The later Aiken tends to have less faith in any superintending universal purpose and is more stoical about the human condition. But like the younger Aiken, the more mature poet advocates an epicurean relish for the substance of life, however transitory. There is in his poetry the traditional concern of seventeenth century pastoral poetry for carpe diem, though for Aiken the very passage of time is what chiefly lends an air of unreality to human existence. Memory can attempt a poor mental recreation of experience, but never really can revivify it.
Aiken’s disillusionment with the failure of love is made all the more exasperating because love is the one redeeming experience in a world shorn of religious belief. Traditional religions are defunct. Hence several problems arise. Aiken asks, what exists in the world for man to admire. The existence of a universal purpose is questionable. The only solution seems to be a far from satisfying spiritual solipsism which defeats the attempt to escape psychological subjectivity.

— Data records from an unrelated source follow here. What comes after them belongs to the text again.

(* The class $\mathbb{ML}^{\Box\Diamond}$, regarded as a class of algebras $(L;\wedge,\vee,\neg,\Box,\Diamond)$, is an equational class (a variety). Concretely, such an algebra belongs to $\mathbb{ML}^{\Box\Diamond}$ if and only if it satisfies the lattice identities, the identities $x\wedge\neg x\preccurlyeq y$, $y\preccurlyeq\neg(x\wedge\neg x)$, $x\wedge\neg(x\wedge y)\preccurlyeq\neg y$, $x\vee\neg\Box x\approx 1$, $\Box 1\approx 1$, $\Box(x\vee\neg y)\wedge y\approx\Box x\wedge y$, and the identities $\neg x\vee\Diamond x\approx 1$, $\Diamond x\preccurlyeq\Diamond(x\vee y)$, $\Diamond\Box x\preccurlyeq x$, where $1$ abbreviates $\neg(x\wedge\neg x)$ and $s\preccurlyeq t$ abbreviates $s\wedge t\approx s$.
   Context: A meet-complemented lattice is a lattice $(L,\le)$ (not necessarily distributive) such that for every $a\in L$ the element $\neg a=\max\{b\in L: a\wedge b\le c\ \text{for all } c\in L\}$ exists; such a lattice is bounded, with bottom $0$ and top $1$. For $a\in L$, $\Box a=\max\{b\in L: a\vee\neg b=1\}$ and $\Diamond a=\min\{b\in L: \neg a\vee b=1\}$, when these exist. $\mathbb{ML}^{\Box\Diamond}$ is the class of meet-complemented lattices in which both $\Box a$ and $\Diamond a$ exist for every $a$, considered as algebras with operations $\wedge,\vee,\neg,\Box,\Diamond$. *)

Section Defs.
Context {L : Type} (meet join : L -> L -> L).

Definition lattice_identities : Prop :=
  (forall x y z, meet x (meet y z) = meet (meet x y) z) /\
  (forall x y z, join x (join y z) = join (join x y) z) /\
  (forall x y, meet x y = meet y x) /\
  (forall x y, join x y = join y x) /\
  (forall x, meet x x = x) /\
  (forall x, join x x = x) /\
  (forall x y, meet x (join x y) = x) /\
  (forall x y, join x (meet x y) = x).

Definition lle (x y : L) : Prop := meet x y = x.

Definition is_max (P : L -> Prop) (a : L) : Prop :=
  P a /\ forall b, P b -> lle b a.
Definition is_min (P : L -> Prop) (a : L) : Prop :=
  P a /\ forall b, P b -> lle a b.

Definition is_top (t : L) : Prop := forall x, lle x t.
End Defs.

(* Membership of the algebra (L; meet, join, neg, box, dia) in ML^{Box Dia}:
   (L, meet, join) is a lattice, neg a is the meet-complement of a, box a is
   max{b : a ∨ ¬b = 1} and dia a is min{b : ¬a ∨ b = 1}. *)
Definition in_MLBoxDia {L : Type} (meet join : L -> L -> L)
    (neg box dia : L -> L) : Prop :=
  lattice_identities meet join /\
  (forall a, is_max meet (fun b => forall c, lle meet (meet a b) c) (neg a)) /\
  (forall a, is_max meet (fun b => is_top meet (join a (neg b))) (box a)) /\
  (forall a, is_min meet (fun b => is_top meet (join (neg a) b)) (dia a)).

Definition satisfies_MLBoxDia_identities {L : Type} (meet join : L -> L -> L)
    (neg box dia : L -> L) : Prop :=
  let one x := neg (meet x (neg x)) in
  lattice_identities meet join /\
  (forall x y, lle meet (meet x (neg x)) y) /\
  (forall x y, lle meet y (one x)) /\
  (forall x y, lle meet (meet x (neg (meet x y))) (neg y)) /\
  (forall x, join x (neg (box x)) = one x) /\
  (forall x, box (one x) = one x) /\
  (forall x y, meet (box (join x (neg y))) y = meet (box x) y) /\
  (forall x, join (neg x) (dia x) = one x) /\
  (forall x y, lle meet (dia x) (dia (join x y))) /\
  (forall x, lle meet (dia (box x)) x).

(* The direction from the order-theoretic definition to the identities is
   routine reasoning with greatest and least elements.  Conversely, the
   identities pin down each operation as the required extremum: if
   [a ∧ b ≤ c] for all [c], then [b ≤ b ∧ ¬(b ∧ a) ≤ ¬a]; if [a ∨ ¬b = 1],
   then [□(a ∨ ¬b) ∧ b = □a ∧ b] together with [□1 = 1] gives [b ≤ □a];
   and if [¬a ∨ b = 1], then [a ≤ □b], so [◇a ≤ ◇(a ∨ □b) = ◇□b ≤ b]. *)


Section MeetComplementedLattices.
Context {L : Type} {meet join : L -> L -> L} {neg box dia : L -> L}.
Hypothesis HL : lattice_identities meet join.

Local Notation "x ⊑ y" := (lle meet x y) (at level 70).
Local Notation one x := (neg (meet x (neg x))).

Lemma lle_refl x : x ⊑ x.
Proof. destruct HL as (_ & _ & _ & _ & meetI & _). apply meetI. Qed.

Lemma lle_trans x y z : x ⊑ y -> y ⊑ z -> x ⊑ z.
Proof.
  destruct HL as (meetA & _). unfold lle; intros Exy Eyz.
  rewrite <- Exy, <- meetA, Eyz. reflexivity.
Qed.

Lemma lle_anti x y : x ⊑ y -> y ⊑ x -> x = y.
Proof.
  destruct HL as (_ & _ & meetC & _). unfold lle; intros Exy Eyx.
  rewrite <- Exy, meetC. exact Eyx.
Qed.

Lemma meet_lel x y : meet x y ⊑ x.
Proof.
  destruct HL as (meetA & _ & meetC & _ & meetI & _). unfold lle.
  rewrite meetC, meetA, meetI. reflexivity.
Qed.

Lemma meet_ler x y : meet x y ⊑ y.
Proof.
  destruct HL as (meetA & _ & _ & _ & meetI & _). unfold lle.
  rewrite <- meetA, meetI. reflexivity.
Qed.

Lemma le_meet x y z : z ⊑ x -> z ⊑ y -> z ⊑ meet x y.
Proof.
  destruct HL as (meetA & _). unfold lle; intros Ex Ey.
  rewrite meetA, Ex. exact Ey.
Qed.

Lemma lle_joinE x y : x ⊑ y <-> join x y = y.
Proof.
  destruct HL as (_ & _ & meetC & joinC & _ & _ & meet_join & join_meet).
  unfold lle; split; intro E.
  - rewrite <- E, joinC, meetC. apply join_meet.
  - rewrite <- E. apply meet_join.
Qed.

Lemma join_lel x y : x ⊑ join x y.
Proof. destruct HL as (_ & _ & _ & _ & _ & _ & meet_join & _). apply meet_join. Qed.

Lemma join_ler x y : y ⊑ join x y.
Proof.
  destruct HL as (_ & _ & _ & joinC & _ & _ & meet_join & _). unfold lle.
  rewrite joinC. apply meet_join.
Qed.

Lemma le_join x y z : x ⊑ z -> y ⊑ z -> join x y ⊑ z.
Proof.
  intros Ex%lle_joinE Ey%lle_joinE. apply lle_joinE.
  destruct HL as (_ & joinA & _).
  rewrite <- joinA, Ey. exact Ex.
Qed.

Lemma top_unique s t : is_top meet s -> is_top meet t -> s = t.
Proof. intros Hs Ht. apply lle_anti; [apply Ht | apply Hs]. Qed.

Lemma top_le s t : is_top meet s -> s ⊑ t -> is_top meet t.
Proof. intros Hs Hst x. apply lle_trans with s; auto. Qed.

Section Identities.
Hypothesis Hneg :
  forall a, is_max meet (fun b => forall c, meet a b ⊑ c) (neg a).
Hypothesis Hbox : forall a, is_max meet (fun b => is_top meet (join a (neg b))) (box a).
Hypothesis Hdia : forall a, is_min meet (fun b => is_top meet (join (neg a) b)) (dia a).

Lemma meet_neg_bot x y : meet x (neg x) ⊑ y.
Proof. apply (proj1 (Hneg x)). Qed.

Lemma le_neg a b : (forall c, meet a b ⊑ c) -> b ⊑ neg a.
Proof. apply (proj2 (Hneg a)). Qed.

Lemma one_top x : is_top meet (one x).
Proof.
  intros y. apply le_neg. intro c.
  apply lle_trans with (meet x (neg x)); [apply meet_lel | apply meet_neg_bot].
Qed.

Lemma neg_antitone a b : a ⊑ b -> neg b ⊑ neg a.
Proof.
  intros Hab. apply le_neg. intro c. apply lle_trans with (meet b (neg b)).
  - apply le_meet; [apply lle_trans with a; [apply meet_lel | exact Hab] | apply meet_ler].
  - apply meet_neg_bot.
Qed.

Lemma meet_neg_meet_le x y : meet x (neg (meet x y)) ⊑ neg y.
Proof.
  apply le_neg. intro c. apply lle_trans with (meet (meet x y) (neg (meet x y))).
  - apply le_meet; [apply le_meet|].
    + apply lle_trans with (meet x (neg (meet x y))); [apply meet_ler | apply meet_lel].
    + apply meet_lel.
    + apply lle_trans with (meet x (neg (meet x y))); [apply meet_ler | apply meet_ler].
  - apply meet_neg_bot.
Qed.

Lemma join_neg_box x : join x (neg (box x)) = one x.
Proof. apply top_unique; [apply (proj1 (Hbox x)) | apply one_top]. Qed.

Lemma join_neg_dia x : join (neg x) (dia x) = one x.
Proof. apply top_unique; [apply (proj1 (Hdia x)) | apply one_top]. Qed.

Lemma box_greatest a b : is_top meet (join a (neg b)) -> b ⊑ box a.
Proof. apply (proj2 (Hbox a)). Qed.

Lemma dia_least a b : is_top meet (join (neg a) b) -> dia a ⊑ b.
Proof. apply (proj2 (Hdia a)). Qed.

Lemma box_one x : box (one x) = one x.
Proof.
  apply lle_anti; [apply one_top|].
  apply box_greatest. apply top_le with (one x); [apply one_top | apply join_lel].
Qed.

Lemma box_join_neg_meet x y : meet (box (join x (neg y))) y = meet (box x) y.
Proof.
  set (b := box (join x (neg y))).
  apply lle_anti; apply le_meet; try apply meet_ler.
  - apply lle_trans with (meet b y); [apply lle_refl|].
    apply box_greatest. apply top_le with (join (join x (neg y)) (neg b)).
    + apply (proj1 (Hbox _)).
    + apply le_join; [apply le_join|].
      * apply join_lel.
      * apply lle_trans with (neg (meet b y)); [apply neg_antitone, meet_ler | apply join_ler].
      * apply lle_trans with (neg (meet b y)); [apply neg_antitone, meet_lel | apply join_ler].
  - apply lle_trans with (meet (box x) y); [apply lle_refl|].
    apply box_greatest. apply top_le with (join x (neg (box x))).
    + apply (proj1 (Hbox _)).
    + apply le_join.
      * apply lle_trans with (join x (neg y)); [apply join_lel | apply join_lel].
      * apply lle_trans with (neg (meet (box x) y)); [apply neg_antitone, meet_lel | apply join_ler].
Qed.

Lemma dia_monotone x y : dia x ⊑ dia (join x y).
Proof.
  apply dia_least. apply top_le with (join (neg (join x y)) (dia (join x y))).
  - apply (proj1 (Hdia _)).
  - apply le_join; [|apply join_ler].
    apply lle_trans with (neg x); [apply neg_antitone, join_lel | apply join_lel].
Qed.

Lemma dia_box_le x : dia (box x) ⊑ x.
Proof.
  apply dia_least. apply top_le with (join x (neg (box x))).
  - apply (proj1 (Hbox _)).
  - apply le_join; [apply join_ler | apply join_lel].
Qed.

End Identities.

Section Extrema.
Hypothesis Hbot : forall x y, meet x (neg x) ⊑ y.
Hypothesis Hone : forall x y, y ⊑ one x.
Hypothesis Hneg_meet : forall x y, meet x (neg (meet x y)) ⊑ neg y.
Hypothesis Hjoin_neg_box : forall x, join x (neg (box x)) = one x.
Hypothesis Hbox_one : forall x, box (one x) = one x.
Hypothesis Hbox_join_neg : forall x y, meet (box (join x (neg y))) y = meet (box x) y.
Hypothesis Hjoin_neg_dia : forall x, join (neg x) (dia x) = one x.
Hypothesis Hdia_monotone : forall x y, dia x ⊑ dia (join x y).
Hypothesis Hdia_box : forall x, dia (box x) ⊑ x.

Lemma neg_bot_top z : (forall c, z ⊑ c) -> is_top meet (neg z).
Proof.
  intros Hz y. replace z with (meet z (neg z)) by (symmetry; apply lle_anti; auto).
  apply Hone.
Qed.

Lemma neg_is_max a : is_max meet (fun b => forall c, meet a b ⊑ c) (neg a).
Proof.
  split; [apply Hbot|]. intros b Hab.
  apply lle_trans with (meet b (neg (meet b a))); [|apply Hneg_meet].
  apply le_meet; [apply lle_refl|]. apply neg_bot_top.
  destruct HL as (_ & _ & meetC & _). rewrite meetC. exact Hab.
Qed.

Lemma box_greatest_of_top a b : is_top meet (join a (neg b)) -> b ⊑ box a.
Proof.
  intros Htop.
  assert (Hone_b : meet (one a) b = b).
  { apply lle_anti; [apply meet_ler | apply le_meet; [apply Hone | apply lle_refl]]. }
  pose proof (Hbox_join_neg a b) as E.
  rewrite (top_unique _ _ Htop (Hone a)), Hbox_one, Hone_b in E.
  rewrite E. apply meet_lel.
Qed.

Lemma box_is_max a : is_max meet (fun b => is_top meet (join a (neg b))) (box a).
Proof.
  split; [rewrite Hjoin_neg_box; exact (Hone a) | apply box_greatest_of_top].
Qed.

Lemma dia_is_min a : is_min meet (fun b => is_top meet (join (neg a) b)) (dia a).
Proof.
  split; [rewrite Hjoin_neg_dia; exact (Hone a)|]. intros b Hb.
  assert (Ha : a ⊑ box b).
  { apply box_greatest_of_top.
    destruct HL as (_ & _ & _ & joinC & _). rewrite joinC. exact Hb. }
  apply lle_trans with (dia (box b)); [|apply Hdia_box].
  apply lle_joinE in Ha. rewrite <- Ha. apply Hdia_monotone.
Qed.

End Extrema.
End MeetComplementedLattices.

Theorem mainTheorem2 (L : Type) (meet join : L -> L -> L) (neg box dia : L -> L) :
  in_MLBoxDia meet join neg box dia <->
  satisfies_MLBoxDia_identities meet join neg box dia.
Proof.
  split.
  - intros (HL & Hneg & Hbox & Hdia).
    split; [exact HL|].
    repeat split; intros.
    + apply (meet_neg_bot Hneg).
    + apply (one_top HL Hneg).
    + apply (meet_neg_meet_le HL Hneg).
    + apply (join_neg_box HL Hneg Hbox).
    + apply (box_one HL Hneg Hbox).
    + apply (box_join_neg_meet HL Hneg Hbox).
    + apply (join_neg_dia HL Hneg Hdia).
    + apply (dia_monotone HL Hneg Hdia).
    + apply (dia_box_le HL Hbox Hdia).
  - intros (HL & Hbot & Hone & Hneg_meet & Hjoin_box & Hbox_one & Hbox_join
            & Hjoin_dia & Hdia_mono & Hdia_box).
    split; [exact HL|]. split; [|split].
    + apply (neg_is_max HL Hbot Hone Hneg_meet).
    + apply (box_is_max HL Hone Hjoin_box Hbox_one Hbox_join).
    + apply (dia_is_min HL Hone Hbox_one Hbox_join Hjoin_dia Hdia_mono Hdia_box).
Qed.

What results is not only denial of supernatural religion, but a relentless nihilism and the moral terror of a world without standards of good and evil. “Preludes for Memnon” is the most terrifying and negativistic of Aiken’s poems in this respect; his later views are less harsh.
As an artist, Aiken’s greatest contribution is the presentation in poetic, often highly lyric, philosophic and memorable form, the psychological and epistemological dilemmas of the modern consciousness. His unique approach to verse prefigures the work of many postwar American poets.